(* Let $A\bowtie^{\theta} I$ be an amalgamated Banach algebra as in the context, and assume that $A\bowtie^\theta I$ is commutative, $\sigma(A)\neq\emptyset$, and $\theta(A)I=\{\theta(a)i: a\in A, i\in I\}$ has dense linear span in $I$. Then $$\mathrm{rad}(A\bowtie^{\theta} I)=\{(a,i): a\in\mathrm{rad}\,A,\ i\in\mathrm{rad}\,I\}.$$
   Context: Let $A$ and $B$ be Banach algebras, $\theta:A\to B$ a continuous algebra homomorphism with $\|\theta\|\le 1$, and $I$ a closed two-sided ideal of $B$. The amalgamated Banach algebra $A\bowtie^{\theta} I$ is the Banach space $\{(a,i): a\in A,\ i\in I\}$ with norm $\|(a,i)\|=\|a\|+\|i\|$ and product $(a,i)\cdot(a',i')=(aa',\ \theta(a)i'+i\theta(a')+ii')$. For a commutative Banach algebra $C$, $\sigma(C)$ is the set of nonzero multiplicative linear functionals on $C$, and $\mathrm{rad}\,C=\bigcap_{\chi\in\sigma(C)}\ker\chi$ (equal to $C$ if $\sigma(C)=\emptyset$). *)

From Stdlib Require Import Reals List.
Open Scope R_scope.

Record C := Cmk { Cre : R; Cim : R }.
Definition C0 : C := Cmk 0 0.
Definition C1 : C := Cmk 1 0.
Definition Cadd (z w : C) : C := Cmk (Cre z + Cre w) (Cim z + Cim w).
Definition Cmul (z w : C) : C :=
  Cmk (Cre z * Cre w - Cim z * Cim w) (Cre z * Cim w + Cim z * Cre w).
Definition Cnorm (z : C) : R := sqrt (Cre z * Cre z + Cim z * Cim z).

Record BanachAlgebra := {
  car :> Type;
  zero : car;
  add : car -> car -> car;
  opp : car -> car;
  scal : C -> car -> car;
  mul : car -> car -> car;
  norm : car -> R;
  addA : forall x y z, add x (add y z) = add (add x y) z;
  addC : forall x y, add x y = add y x;
  add0 : forall x, add zero x = x;
  addN : forall x, add x (opp x) = zero;
  scalDr : forall c x y, scal c (add x y) = add (scal c x) (scal c y);
  scalDl : forall c d x, scal (Cadd c d) x = add (scal c x) (scal d x);
  scalA : forall c d x, scal (Cmul c d) x = scal c (scal d x);
  scal1 : forall x, scal C1 x = x;
  mulA : forall x y z, mul x (mul y z) = mul (mul x y) z;
  mulDl : forall x y z, mul (add x y) z = add (mul x z) (mul y z);
  mulDr : forall x y z, mul x (add y z) = add (mul x y) (mul x z);
  scal_mull : forall c x y, scal c (mul x y) = mul (scal c x) y;
  scal_mulr : forall c x y, scal c (mul x y) = mul x (scal c y);
  norm_eq0 : forall x, norm x = 0 -> x = zero;
  normD : forall x y, norm (add x y) <= norm x + norm y;
  normZ : forall c x, norm (scal c x) = Cnorm c * norm x;
  normM : forall x y, norm (mul x y) <= norm x * norm y;
  complete : forall u : nat -> car,
    (forall eps, 0 < eps -> exists N, forall m n, (N <= m)%nat -> (N <= n)%nat ->
        norm (add (u m) (opp (u n))) < eps) ->
    exists l, forall eps, 0 < eps -> exists N, forall n, (N <= n)%nat ->
        norm (add (u n) (opp l)) < eps
}.

Arguments zero {b}. Arguments add {b}. Arguments opp {b}. Arguments scal {b}.
Arguments mul {b}. Arguments norm {b}.

Definition sub {A : BanachAlgebra} (x y : A) : A := add x (opp y).

Definition contraction_hom (A B : BanachAlgebra) (th : A -> B) : Prop :=
  (forall x y, th (add x y) = add (th x) (th y)) /\
  (forall c x, th (scal c x) = scal c (th x)) /\
  (forall x y, th (mul x y) = mul (th x) (th y)) /\
  (forall x, norm (th x) <= norm x).

Definition closed_ideal (B : BanachAlgebra) (I : B -> Prop) : Prop :=
  I zero /\
  (forall x y, I x -> I y -> I (add x y)) /\
  (forall c x, I x -> I (scal c x)) /\
  (forall b x, I x -> I (mul b x)) /\
  (forall b x, I x -> I (mul x b)) /\
  (forall (u : nat -> B) l, (forall n, I (u n)) ->
     (forall eps, 0 < eps -> exists N, forall n, (N <= n)%nat -> norm (sub (u n) l) < eps) ->
     I l).

(* ---------- characters and radical of an algebra living on a subset P
   of a carrier T, with given operations (the subset is closed under them) ---------- *)
Definition is_character {T : Type} (P : T -> Prop) (addT : T -> T -> T)
  (scalT : C -> T -> T) (mulT : T -> T -> T) (chi : T -> C) : Prop :=
  (forall x y, P x -> P y -> chi (addT x y) = Cadd (chi x) (chi y)) /\
  (forall c x, P x -> chi (scalT c x) = Cmul c (chi x)) /\
  (forall x y, P x -> P y -> chi (mulT x y) = Cmul (chi x) (chi y)) /\
  (exists x, P x /\ chi x <> C0).

(* x \in rad = intersection of kernels of all characters (everything if none) *)
Definition in_rad {T : Type} (P : T -> Prop) (addT : T -> T -> T)
  (scalT : C -> T -> T) (mulT : T -> T -> T) (x : T) : Prop :=
  P x /\ forall chi, is_character P addT scalT mulT chi -> chi x = C0.

Definition sigma_nonempty (A : BanachAlgebra) : Prop :=
  exists chi : A -> C, is_character (fun _ => True) add scal mul chi.
Definition radA (A : BanachAlgebra) (a : A) : Prop :=
  in_rad (fun _ => True) add scal mul a.

Definition radI (B : BanachAlgebra) (I : B -> Prop) (i : B) : Prop :=
  in_rad I add scal mul i.

(* ---------- the amalgamated algebra A ⋈^θ I, as the subset A × I of A × B ---------- *)
Definition amal_add {A B : BanachAlgebra} (p q : A * B) : A * B :=
  (add (fst p) (fst q), add (snd p) (snd q)).
Definition amal_scal {A B : BanachAlgebra} (c : C) (p : A * B) : A * B :=
  (scal c (fst p), scal c (snd p)).
Definition amal_mul {A B : BanachAlgebra} (th : A -> B) (p q : A * B) : A * B :=
  (mul (fst p) (fst q),
   add (add (mul (th (fst p)) (snd q)) (mul (snd p) (th (fst q)))) (mul (snd p) (snd q))).
Definition amal_norm {A B : BanachAlgebra} (p : A * B) : R := norm (fst p) + norm (snd p).

Definition amal_commutative {A B : BanachAlgebra} (th : A -> B) (I : B -> Prop) : Prop :=
  forall p q : A * B, I (snd p) -> I (snd q) -> amal_mul th p q = amal_mul th q p.

Definition rad_amal {A B : BanachAlgebra} (th : A -> B) (I : B -> Prop) (p : A * B) : Prop :=
  in_rad (fun p : A * B => I (snd p)) amal_add amal_scal (amal_mul th) p.

Fixpoint lin_comb {A B : BanachAlgebra} (th : A -> B) (l : list (C * A * B)) : B :=
  match l with
  | nil => zero
  | (c, a, i) :: l' => add (scal c (mul (th a) i)) (lin_comb th l')
  end.
Definition in_span_thetaAI {A B : BanachAlgebra} (th : A -> B) (I : B -> Prop) (x : B) : Prop :=
  exists l : list (C * A * B), (forall t, In t l -> I (snd t)) /\ x = lin_comb th l.

Definition span_dense_in_I {A B : BanachAlgebra} (th : A -> B) (I : B -> Prop) : Prop :=
  forall i, I i -> forall eps, 0 < eps ->
    exists x, in_span_thetaAI th I x /\ norm (sub i x) < eps.

(* A character of a commutative amalgamation either vanishes on [0 ⋈ I] and then
   comes from a character of [A] through the first projection, or it restricts to a
   character [psi] of [I]; in the latter case, fixing [j] with [psi j <> 0], the map
   [x |-> psi (θ x j) / psi j] is multiplicative on [A] and the character is
   [(x, k) |-> psi (θ x j) / psi j + psi k].  Conversely every such formula defines a
   character.  Hence [(a, i)] is killed by all characters of the amalgamation iff
   [a] is killed by all characters of [A] and [i] by all characters of [I]. *)
From Pilot Require Import Defs.
From Stdlib Require Import Reals Psatz Classical.
Open Scope R_scope.
Import Defs.

Lemma C_ext (z w : C) : Cre z = Cre w -> Cim z = Cim w -> z = w.
Proof. destruct z, w; simpl; intros -> ->; reflexivity. Qed.

Ltac Cring := apply C_ext; simpl; ring.

Lemma Cmul_left_inv (z : C) : z <> C0 -> exists w, Cmul w z = C1.
Proof.
  destruct z as [r s]; intro Hz.
  assert (Hd : r * r + s * s <> 0).
  { intro H. apply Hz. assert (r = 0) by nra. assert (s = 0) by nra. now subst. }
  exists (Cmk (r / (r * r + s * s)) (- s / (r * r + s * s))).
  unfold Cmul, C1; simpl; f_equal; field; auto.
Qed.

Lemma Cadd_idem (z : C) : Cadd z z = z -> z = C0.
Proof. destruct z; unfold Cadd, C0; simpl; intro H; injection H; intros; f_equal; lra. Qed.

Section AlgebraLemmas.
Variable X : BanachAlgebra.

Lemma add_idem (y : X) : add y y = y -> y = zero.
Proof.
  intro H. transitivity (add (add y y) (opp y)).
  - now rewrite <- addA, addN, addC, add0.
  - now rewrite H, addN.
Qed.

Lemma addr0 (x : X) : add x zero = x.
Proof. rewrite addC; apply add0. Qed.

Lemma mul0l (x : X) : mul zero x = zero.
Proof. apply add_idem. now rewrite <- mulDl, add0. Qed.

Lemma mul0r (x : X) : mul x zero = zero.
Proof. apply add_idem. now rewrite <- mulDr, add0. Qed.

Lemma scal0 (c : C) : scal c (@zero X) = zero.
Proof. apply add_idem. now rewrite <- scalDr, add0. Qed.

End AlgebraLemmas.

Definition mult_linear {T : Type} (P : T -> Prop) (addT : T -> T -> T)
  (scalT : C -> T -> T) (mulT : T -> T -> T) (chi : T -> C) : Prop :=
  (forall x y, P x -> P y -> chi (addT x y) = Cadd (chi x) (chi y)) /\
  (forall c x, P x -> chi (scalT c x) = Cmul c (chi x)) /\
  (forall x y, P x -> P y -> chi (mulT x y) = Cmul (chi x) (chi y)).

Lemma is_characterE {T : Type} (P : T -> Prop) addT scalT mulT (chi : T -> C) :
  is_character P addT scalT mulT chi <->
  mult_linear P addT scalT mulT chi /\ exists x, P x /\ chi x <> C0.
Proof. unfold is_character, mult_linear; tauto. Qed.

(* The zero functional is the only multiplicative linear functional that is not a
   character, so the radical lies in the kernel of all of them. *)
Lemma in_rad_mult_linear {T : Type} (P : T -> Prop) addT scalT mulT (chi : T -> C) x :
  mult_linear P addT scalT mulT chi -> in_rad P addT scalT mulT x -> chi x = C0.
Proof.
  intros Hchi [Px Hx].
  destruct (classic (exists y, P y /\ chi y <> C0)) as [Hnz | Hz].
  - apply Hx, is_characterE; auto.
  - apply NNPP; intro Hxz. apply Hz; eauto.
Qed.

Section Amalgamation.
Variables (A B : BanachAlgebra) (th : A -> B) (I : B -> Prop).
Hypothesis th_add : forall x y, th (add x y) = add (th x) (th y).
Hypothesis th_scal : forall c x, th (scal c x) = scal c (th x).
Hypothesis th_mul : forall x y, th (mul x y) = mul (th x) (th y).
Hypothesis I_zero : I zero.
Hypothesis I_add : forall x y, I x -> I y -> I (add x y).
Hypothesis I_scal : forall c x, I x -> I (scal c x).
Hypothesis I_mull : forall b x, I x -> I (mul b x).
Hypothesis I_mulr : forall b x, I x -> I (mul x b).
Hypothesis amal_comm : amal_commutative th I.

#[local] Hint Resolve I_zero I_add I_scal I_mull I_mulr : core.

Notation amal_P := (fun p : A * B => I (snd p)).
Notation mult_linear_amal := (mult_linear amal_P amal_add amal_scal (amal_mul th)).

Lemma th0 : th zero = zero.
Proof. apply add_idem. now rewrite <- th_add, add0. Qed.

Lemma ideal_mulC k l : I k -> I l -> mul k l = mul l k.
Proof.
  intros Hk Hl. pose proof (f_equal snd (amal_comm (zero, k) (zero, l) Hk Hl)) as E.
  simpl in E. now rewrite th0, !mul0l, !mul0r, !add0 in E.
Qed.

Lemma th_mulC x k : I k -> mul (th x) k = mul k (th x).
Proof.
  intros Hk. pose proof (f_equal snd (amal_comm (x, zero) (zero, k) I_zero Hk)) as E.
  simpl in E. now rewrite th0, !mul0l, !mul0r, !addr0, !add0 in E.
Qed.

Lemma mult_linear_amal_restrA chi :
  mult_linear_amal chi -> mult_linear (fun _ => True) add scal mul (fun x => chi (x, zero)).
Proof.
  intros [cA [cS cM]]; repeat split.
  - intros x y _ _. rewrite <- cA; simpl; auto. unfold amal_add; simpl; now rewrite add0.
  - intros c x _. rewrite <- cS; simpl; auto. unfold amal_scal; simpl; now rewrite scal0.
  - intros x y _ _. rewrite <- cM; simpl; auto.
    unfold amal_mul; simpl; now rewrite !mul0l, !mul0r, !add0.
Qed.

Lemma mult_linear_amal_restrI chi :
  mult_linear_amal chi -> mult_linear I add scal mul (fun k => chi (zero, k)).
Proof.
  intros [cA [cS cM]]; repeat split.
  - intros x y Hx Hy. rewrite <- cA; simpl; auto. unfold amal_add; simpl; now rewrite add0.
  - intros c x Hx. rewrite <- cS; simpl; auto. unfold amal_scal; simpl; now rewrite scal0.
  - intros x y Hx Hy. rewrite <- cM; simpl; auto.
    unfold amal_mul; simpl; now rewrite th0, !mul0l, !mul0r, !add0.
Qed.

Lemma rad_pair_in_rad_amal a i :
  I i -> radA A a -> radI B I i -> rad_amal th I (a, i).
Proof.
  intros Hi Ha_rad Hi_rad. split; [exact Hi|]. intros chi Hchi.
  apply is_characterE in Hchi as [Hlin _].
  assert (Hsplit : (a, i) = amal_add (a, zero) (zero, i)).
  { unfold amal_add; simpl. now rewrite addr0, add0. }
  rewrite Hsplit, (proj1 Hlin) by (simpl; auto).
  rewrite (in_rad_mult_linear _ _ _ _ _ a (mult_linear_amal_restrA chi Hlin) Ha_rad).
  rewrite (in_rad_mult_linear _ _ _ _ _ i (mult_linear_amal_restrI chi Hlin) Hi_rad).
  Cring.
Qed.

Lemma character_amal_of_A phi :
  is_character (fun _ => True) add scal mul phi ->
  is_character amal_P amal_add amal_scal (amal_mul th) (fun p => phi (fst p)).
Proof.
  intros [pA [pS [pM [x [_ px]]]]]. repeat split.
  - intros; simpl; apply pA; auto.
  - intros; simpl; apply pS; auto.
  - intros; simpl; apply pM; auto.
  - exists (x, zero); simpl; auto.
Qed.

Section CharacterExtension.
Variables (psi : B -> C) (j : B) (w : C).
Hypothesis psi_lin : mult_linear I add scal mul psi.
Hypothesis I_j : I j.
Hypothesis w_psi_j : Cmul w (psi j) = C1.

Definition ext_coef (x : A) : C := Cmul w (psi (mul (th x) j)).

(* [psi (θ x l) psi j = psi (θ x l j) = psi (θ x j) psi l], using commutativity of [I]. *)
Lemma psi_th_mul x l : I l -> psi (mul (th x) l) = Cmul (ext_coef x) (psi l).
Proof.
  destruct psi_lin as [_ [_ sM]]. intros Hl.
  assert (E : Cmul (psi (mul (th x) l)) (psi j) = Cmul (psi (mul (th x) j)) (psi l)).
  { rewrite <- !sM by auto. now rewrite <- mulA, (ideal_mulC l j Hl I_j), !mulA. }
  transitivity (Cmul (Cmul w (psi j)) (psi (mul (th x) l))).
  { rewrite w_psi_j. Cring. }
  transitivity (Cmul w (Cmul (psi (mul (th x) l)) (psi j))); [Cring|].
  rewrite E. unfold ext_coef. Cring.
Qed.

Lemma ext_coef_mult_linear : mult_linear (fun _ => True) add scal mul ext_coef.
Proof.
  destruct psi_lin as [sA [sS _]]. repeat split.
  - intros x y _ _. unfold ext_coef. rewrite th_add, mulDl, sA by auto. Cring.
  - intros c x _. unfold ext_coef. rewrite th_scal, <- scal_mull, sS by auto. Cring.
  - intros x y _ _. unfold ext_coef at 1.
    rewrite th_mul, <- mulA, psi_th_mul by auto. unfold ext_coef. Cring.
Qed.

Lemma psi0 : psi zero = C0.
Proof. destruct psi_lin as [sA _]. apply Cadd_idem. rewrite <- sA, add0; auto. Qed.

Lemma extension_character :
  psi j <> C0 ->
  is_character amal_P amal_add amal_scal (amal_mul th)
    (fun p => Cadd (ext_coef (fst p)) (psi (snd p))).
Proof.
  intros Hj. destruct psi_lin as [sA [sS sM]].
  destruct ext_coef_mult_linear as [eA [eS eM]].
  repeat split.
  - intros [x k] [y l]; simpl; intros Hk Hl. rewrite eA, sA by auto. Cring.
  - intros c [x k]; simpl; intros Hk. rewrite eS, sS by auto. Cring.
  - intros [x k] [y l]; simpl; intros Hk Hl.
    rewrite !sA by auto.
    rewrite <- (th_mulC y k Hk), !psi_th_mul, sM, eM by auto. Cring.
  - exists (zero, j); simpl; split; auto.
    unfold ext_coef. rewrite th0, mul0l, psi0.
    intro E. apply Hj. rewrite <- E. Cring.
Qed.

End CharacterExtension.

Lemma rad_amal_radA a i : rad_amal th I (a, i) -> radA A a.
Proof.
  intros [_ H]. split; [exact Logic.I|]. intros phi Hphi.
  exact (H _ (character_amal_of_A phi Hphi)).
Qed.

Lemma rad_amal_radI a i : rad_amal th I (a, i) -> radI B I i.
Proof.
  intros H. assert (Ha := rad_amal_radA a i H).
  destruct H as [Hi H]. split; [exact Hi|]. intros psi Hpsi.
  apply is_characterE in Hpsi as [Hlin [j [Hj pj]]].
  destruct (Cmul_left_inv _ pj) as [w Hw].
  assert (Hchar := H _ (extension_character psi j w Hlin Hj Hw pj)). simpl in Hchar.
  rewrite (in_rad_mult_linear _ _ _ _ _ a (ext_coef_mult_linear psi j w Hlin Hj Hw) Ha)
    in Hchar.
  rewrite <- Hchar. Cring.
Qed.

End Amalgamation.

Theorem theorem5p3 (A B : BanachAlgebra) (th : A -> B) (I : B -> Prop)
  (Hth : contraction_hom A B th) (HI : closed_ideal B I)
  (Hcomm : amal_commutative th I)
  (HsA : sigma_nonempty A)
  (Hdense : span_dense_in_I th I) :
  forall (a : A) (i : B), I i ->
    (rad_amal th I (a, i) <-> (radA A a /\ radI B I i)).
Proof.
  destruct Hth as [th_add [th_scal [th_mul _]]].
  destruct HI as [I_zero [I_add [I_scal [I_mull [I_mulr _]]]]].
  intros a i Hi. split.
  - intros H. split; [eapply rad_amal_radA | eapply rad_amal_radI]; eauto.
  - intros [Ha_rad Hi_rad]. eapply rad_pair_in_rad_amal; eauto.
Qed.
·····
In the records, find every line that has the string "addA" and copy it.

  addA : forall x y z, add x (add y z) = add (add x y) z;
  - now rewrite <- addA, addN, addC, add0.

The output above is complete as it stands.